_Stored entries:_
────────────────

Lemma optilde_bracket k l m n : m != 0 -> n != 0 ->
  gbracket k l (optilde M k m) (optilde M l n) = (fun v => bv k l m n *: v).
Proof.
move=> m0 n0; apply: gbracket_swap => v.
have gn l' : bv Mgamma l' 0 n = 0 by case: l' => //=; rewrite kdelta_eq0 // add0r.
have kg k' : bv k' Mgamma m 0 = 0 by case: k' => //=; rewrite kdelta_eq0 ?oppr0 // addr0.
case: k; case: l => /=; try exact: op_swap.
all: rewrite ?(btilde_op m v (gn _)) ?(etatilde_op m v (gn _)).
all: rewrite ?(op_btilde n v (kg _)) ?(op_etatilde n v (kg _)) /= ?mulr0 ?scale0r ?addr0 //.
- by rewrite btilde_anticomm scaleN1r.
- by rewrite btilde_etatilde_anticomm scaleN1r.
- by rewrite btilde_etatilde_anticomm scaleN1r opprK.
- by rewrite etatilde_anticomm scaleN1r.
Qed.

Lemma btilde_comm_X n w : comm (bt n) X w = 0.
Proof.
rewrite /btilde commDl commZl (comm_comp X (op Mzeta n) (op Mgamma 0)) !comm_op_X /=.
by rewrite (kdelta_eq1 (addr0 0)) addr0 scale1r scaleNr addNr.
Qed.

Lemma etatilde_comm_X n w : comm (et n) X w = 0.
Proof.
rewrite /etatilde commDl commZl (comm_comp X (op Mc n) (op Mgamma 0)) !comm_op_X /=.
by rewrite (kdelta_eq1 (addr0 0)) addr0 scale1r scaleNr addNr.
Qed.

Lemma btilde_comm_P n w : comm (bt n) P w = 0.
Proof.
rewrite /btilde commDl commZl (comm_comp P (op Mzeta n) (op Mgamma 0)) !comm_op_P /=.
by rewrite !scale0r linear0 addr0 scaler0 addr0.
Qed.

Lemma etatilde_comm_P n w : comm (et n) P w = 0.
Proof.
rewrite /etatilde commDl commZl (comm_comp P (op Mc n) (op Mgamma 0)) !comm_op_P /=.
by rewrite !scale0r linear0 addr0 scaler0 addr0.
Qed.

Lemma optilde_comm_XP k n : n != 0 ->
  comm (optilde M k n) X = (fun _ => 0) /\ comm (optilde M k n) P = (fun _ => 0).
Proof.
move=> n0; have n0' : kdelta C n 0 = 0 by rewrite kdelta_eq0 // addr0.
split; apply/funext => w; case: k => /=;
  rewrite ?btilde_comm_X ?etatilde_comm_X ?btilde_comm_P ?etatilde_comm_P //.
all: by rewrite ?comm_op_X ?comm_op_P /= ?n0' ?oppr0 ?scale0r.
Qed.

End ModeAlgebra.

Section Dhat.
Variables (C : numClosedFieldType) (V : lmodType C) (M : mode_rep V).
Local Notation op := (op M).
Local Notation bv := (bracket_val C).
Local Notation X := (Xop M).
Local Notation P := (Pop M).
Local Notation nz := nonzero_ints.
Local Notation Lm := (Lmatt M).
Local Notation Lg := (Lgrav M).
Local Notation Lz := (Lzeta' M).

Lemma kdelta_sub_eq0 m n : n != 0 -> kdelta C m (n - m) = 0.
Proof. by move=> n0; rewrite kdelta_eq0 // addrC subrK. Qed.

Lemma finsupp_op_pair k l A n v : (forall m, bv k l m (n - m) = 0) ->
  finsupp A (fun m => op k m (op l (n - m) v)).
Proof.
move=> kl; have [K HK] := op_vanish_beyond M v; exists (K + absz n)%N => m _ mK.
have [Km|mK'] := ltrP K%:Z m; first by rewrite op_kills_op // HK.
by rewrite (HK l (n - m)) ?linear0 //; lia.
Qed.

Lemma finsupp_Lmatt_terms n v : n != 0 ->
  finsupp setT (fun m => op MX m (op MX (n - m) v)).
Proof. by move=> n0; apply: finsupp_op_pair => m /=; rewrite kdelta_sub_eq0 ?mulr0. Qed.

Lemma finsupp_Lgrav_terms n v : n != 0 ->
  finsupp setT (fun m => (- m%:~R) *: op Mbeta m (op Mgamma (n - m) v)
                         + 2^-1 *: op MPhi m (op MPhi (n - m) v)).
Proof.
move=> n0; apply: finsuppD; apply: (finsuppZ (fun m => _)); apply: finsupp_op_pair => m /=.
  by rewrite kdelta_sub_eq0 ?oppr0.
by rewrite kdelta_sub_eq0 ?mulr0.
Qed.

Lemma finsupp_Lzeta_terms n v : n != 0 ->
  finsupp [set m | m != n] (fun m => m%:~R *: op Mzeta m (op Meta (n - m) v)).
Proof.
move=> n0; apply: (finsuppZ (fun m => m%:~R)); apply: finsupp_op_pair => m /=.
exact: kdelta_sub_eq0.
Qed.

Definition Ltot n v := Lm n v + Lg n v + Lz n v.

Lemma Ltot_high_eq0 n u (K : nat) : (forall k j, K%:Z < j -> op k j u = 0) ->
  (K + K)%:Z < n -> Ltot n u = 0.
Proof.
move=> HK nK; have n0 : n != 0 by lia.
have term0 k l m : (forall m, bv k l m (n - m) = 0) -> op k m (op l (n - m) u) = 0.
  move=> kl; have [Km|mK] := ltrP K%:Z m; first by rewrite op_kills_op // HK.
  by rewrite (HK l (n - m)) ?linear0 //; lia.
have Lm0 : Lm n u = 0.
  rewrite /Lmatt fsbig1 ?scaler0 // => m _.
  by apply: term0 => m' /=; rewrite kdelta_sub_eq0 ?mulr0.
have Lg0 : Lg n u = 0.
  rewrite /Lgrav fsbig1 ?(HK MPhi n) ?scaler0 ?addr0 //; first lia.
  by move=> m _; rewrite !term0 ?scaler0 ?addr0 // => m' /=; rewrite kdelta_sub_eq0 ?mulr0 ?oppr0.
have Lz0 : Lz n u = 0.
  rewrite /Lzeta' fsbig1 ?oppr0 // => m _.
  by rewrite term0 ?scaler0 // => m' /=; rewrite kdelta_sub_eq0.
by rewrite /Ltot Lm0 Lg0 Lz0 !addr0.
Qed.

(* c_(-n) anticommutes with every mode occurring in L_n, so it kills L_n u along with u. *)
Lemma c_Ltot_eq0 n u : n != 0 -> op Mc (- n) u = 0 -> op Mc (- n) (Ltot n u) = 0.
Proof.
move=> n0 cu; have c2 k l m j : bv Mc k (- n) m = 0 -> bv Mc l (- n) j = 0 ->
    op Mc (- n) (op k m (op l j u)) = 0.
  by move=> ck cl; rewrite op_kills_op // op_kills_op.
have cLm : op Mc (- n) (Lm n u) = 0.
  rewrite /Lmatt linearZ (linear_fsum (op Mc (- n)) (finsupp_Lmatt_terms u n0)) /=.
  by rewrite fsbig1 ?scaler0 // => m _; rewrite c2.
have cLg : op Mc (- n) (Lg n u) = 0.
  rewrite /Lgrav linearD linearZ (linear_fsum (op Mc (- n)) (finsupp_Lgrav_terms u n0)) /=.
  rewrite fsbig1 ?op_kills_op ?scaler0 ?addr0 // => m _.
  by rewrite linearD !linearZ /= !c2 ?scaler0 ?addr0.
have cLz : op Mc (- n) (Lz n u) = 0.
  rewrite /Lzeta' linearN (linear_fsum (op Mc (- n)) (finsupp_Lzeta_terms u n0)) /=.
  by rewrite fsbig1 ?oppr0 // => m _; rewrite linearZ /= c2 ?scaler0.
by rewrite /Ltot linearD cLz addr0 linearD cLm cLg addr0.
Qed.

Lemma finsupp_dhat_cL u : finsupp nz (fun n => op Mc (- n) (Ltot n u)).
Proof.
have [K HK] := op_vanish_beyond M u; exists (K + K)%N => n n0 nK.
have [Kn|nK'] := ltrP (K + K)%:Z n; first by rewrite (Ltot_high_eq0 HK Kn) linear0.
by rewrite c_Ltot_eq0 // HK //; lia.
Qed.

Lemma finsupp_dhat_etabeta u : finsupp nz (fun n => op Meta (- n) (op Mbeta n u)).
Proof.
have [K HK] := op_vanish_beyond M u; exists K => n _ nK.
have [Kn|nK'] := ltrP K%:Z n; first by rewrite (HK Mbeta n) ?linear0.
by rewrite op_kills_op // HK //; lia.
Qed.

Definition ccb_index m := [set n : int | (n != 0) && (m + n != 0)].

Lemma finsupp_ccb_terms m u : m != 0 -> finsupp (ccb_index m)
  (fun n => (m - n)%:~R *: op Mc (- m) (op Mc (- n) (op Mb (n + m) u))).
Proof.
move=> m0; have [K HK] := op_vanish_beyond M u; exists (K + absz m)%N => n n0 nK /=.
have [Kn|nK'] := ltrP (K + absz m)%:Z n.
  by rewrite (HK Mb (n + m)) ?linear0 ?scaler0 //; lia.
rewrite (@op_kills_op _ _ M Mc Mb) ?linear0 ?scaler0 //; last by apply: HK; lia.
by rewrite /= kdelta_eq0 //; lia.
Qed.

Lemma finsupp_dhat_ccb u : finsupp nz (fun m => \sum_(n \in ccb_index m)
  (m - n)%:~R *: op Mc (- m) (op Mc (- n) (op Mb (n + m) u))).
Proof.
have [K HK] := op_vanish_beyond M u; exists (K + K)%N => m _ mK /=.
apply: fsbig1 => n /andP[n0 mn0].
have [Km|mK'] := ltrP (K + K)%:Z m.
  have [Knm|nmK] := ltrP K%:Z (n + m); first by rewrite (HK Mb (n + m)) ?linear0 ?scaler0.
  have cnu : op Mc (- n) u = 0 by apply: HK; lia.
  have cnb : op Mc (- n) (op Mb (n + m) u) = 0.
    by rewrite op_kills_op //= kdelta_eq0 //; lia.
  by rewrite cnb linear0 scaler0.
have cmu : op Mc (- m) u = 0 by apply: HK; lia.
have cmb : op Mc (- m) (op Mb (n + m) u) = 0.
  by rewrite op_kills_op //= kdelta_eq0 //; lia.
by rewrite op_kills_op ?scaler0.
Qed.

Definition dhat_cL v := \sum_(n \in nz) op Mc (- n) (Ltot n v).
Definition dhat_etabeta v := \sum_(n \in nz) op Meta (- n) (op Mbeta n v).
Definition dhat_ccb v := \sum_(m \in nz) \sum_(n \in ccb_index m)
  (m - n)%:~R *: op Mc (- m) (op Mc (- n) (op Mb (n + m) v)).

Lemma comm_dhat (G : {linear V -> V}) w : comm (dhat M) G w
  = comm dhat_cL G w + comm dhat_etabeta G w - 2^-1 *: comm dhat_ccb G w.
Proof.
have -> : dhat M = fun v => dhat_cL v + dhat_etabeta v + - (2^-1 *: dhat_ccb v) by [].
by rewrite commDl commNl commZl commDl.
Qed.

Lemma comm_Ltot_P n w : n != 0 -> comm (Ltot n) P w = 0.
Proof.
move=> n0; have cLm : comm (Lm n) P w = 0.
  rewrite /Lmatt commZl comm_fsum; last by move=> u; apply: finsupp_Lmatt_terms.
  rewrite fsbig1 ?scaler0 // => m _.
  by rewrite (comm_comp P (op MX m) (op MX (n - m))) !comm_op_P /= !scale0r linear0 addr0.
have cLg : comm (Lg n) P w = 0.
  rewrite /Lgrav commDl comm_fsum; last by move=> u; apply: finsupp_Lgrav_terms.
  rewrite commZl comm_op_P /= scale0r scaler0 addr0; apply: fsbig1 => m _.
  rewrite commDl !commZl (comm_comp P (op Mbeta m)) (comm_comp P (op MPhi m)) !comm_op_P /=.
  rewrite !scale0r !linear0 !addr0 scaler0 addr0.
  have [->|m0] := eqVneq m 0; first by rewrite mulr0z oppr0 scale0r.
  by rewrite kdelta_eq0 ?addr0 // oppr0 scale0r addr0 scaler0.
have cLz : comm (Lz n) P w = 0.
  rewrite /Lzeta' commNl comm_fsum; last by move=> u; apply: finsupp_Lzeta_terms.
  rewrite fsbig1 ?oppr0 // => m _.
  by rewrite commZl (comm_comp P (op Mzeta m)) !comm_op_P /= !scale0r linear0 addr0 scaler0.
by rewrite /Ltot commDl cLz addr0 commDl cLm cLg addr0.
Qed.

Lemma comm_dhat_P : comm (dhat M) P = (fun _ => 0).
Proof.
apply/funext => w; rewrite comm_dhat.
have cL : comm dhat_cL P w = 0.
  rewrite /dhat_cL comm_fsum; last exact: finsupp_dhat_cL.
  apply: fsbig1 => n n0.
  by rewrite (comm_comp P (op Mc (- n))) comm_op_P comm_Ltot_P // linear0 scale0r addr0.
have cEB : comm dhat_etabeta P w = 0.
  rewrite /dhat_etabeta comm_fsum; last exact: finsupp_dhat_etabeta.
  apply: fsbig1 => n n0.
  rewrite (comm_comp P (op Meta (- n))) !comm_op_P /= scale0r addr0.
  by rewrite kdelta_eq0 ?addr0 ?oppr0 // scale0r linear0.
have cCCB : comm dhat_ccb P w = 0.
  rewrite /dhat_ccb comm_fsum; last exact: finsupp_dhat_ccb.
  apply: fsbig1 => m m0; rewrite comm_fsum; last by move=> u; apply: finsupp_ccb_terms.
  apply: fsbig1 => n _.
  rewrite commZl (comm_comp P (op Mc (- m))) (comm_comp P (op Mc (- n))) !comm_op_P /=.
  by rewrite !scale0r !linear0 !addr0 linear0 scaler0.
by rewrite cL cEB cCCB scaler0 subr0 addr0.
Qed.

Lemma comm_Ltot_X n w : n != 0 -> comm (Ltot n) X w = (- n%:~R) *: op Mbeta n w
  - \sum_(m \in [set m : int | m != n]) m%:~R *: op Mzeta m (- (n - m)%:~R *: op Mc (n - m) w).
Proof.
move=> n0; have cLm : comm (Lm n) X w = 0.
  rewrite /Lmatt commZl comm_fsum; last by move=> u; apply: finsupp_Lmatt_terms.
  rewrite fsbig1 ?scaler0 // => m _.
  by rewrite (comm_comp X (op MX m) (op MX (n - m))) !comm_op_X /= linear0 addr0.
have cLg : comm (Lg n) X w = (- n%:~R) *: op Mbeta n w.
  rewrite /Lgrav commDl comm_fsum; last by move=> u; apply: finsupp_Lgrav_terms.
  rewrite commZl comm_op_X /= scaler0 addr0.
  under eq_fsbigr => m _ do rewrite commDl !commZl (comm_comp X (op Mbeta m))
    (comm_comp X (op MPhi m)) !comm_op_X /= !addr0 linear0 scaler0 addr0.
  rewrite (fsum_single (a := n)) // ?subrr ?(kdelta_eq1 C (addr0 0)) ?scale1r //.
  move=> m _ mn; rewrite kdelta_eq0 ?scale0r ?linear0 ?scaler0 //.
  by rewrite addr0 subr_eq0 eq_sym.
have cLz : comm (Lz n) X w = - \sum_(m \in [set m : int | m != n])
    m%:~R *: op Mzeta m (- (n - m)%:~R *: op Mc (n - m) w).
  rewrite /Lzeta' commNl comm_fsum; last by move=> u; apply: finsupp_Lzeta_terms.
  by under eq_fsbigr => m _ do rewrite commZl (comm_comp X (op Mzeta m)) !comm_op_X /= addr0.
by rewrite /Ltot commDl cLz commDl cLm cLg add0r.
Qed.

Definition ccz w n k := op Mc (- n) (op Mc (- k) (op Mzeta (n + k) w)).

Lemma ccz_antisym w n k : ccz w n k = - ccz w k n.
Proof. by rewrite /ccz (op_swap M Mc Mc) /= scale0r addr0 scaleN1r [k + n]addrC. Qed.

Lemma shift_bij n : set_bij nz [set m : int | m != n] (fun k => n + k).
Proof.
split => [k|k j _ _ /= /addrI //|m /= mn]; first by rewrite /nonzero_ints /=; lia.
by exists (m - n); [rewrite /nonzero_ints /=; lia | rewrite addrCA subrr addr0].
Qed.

────────────────

_Work order:_ Go through the entries. Report every line that contains the word "absz".

_Finished exercise:_
move=> kl; have [K HK] := op_vanish_beyond M v; exists (K + absz n)%N => m _ mK.
move=> m0; have [K HK] := op_vanish_beyond M u; exists (K + absz m)%N => n n0 nK /=.
have [Kn|nK'] := ltrP (K + absz m)%:Z n.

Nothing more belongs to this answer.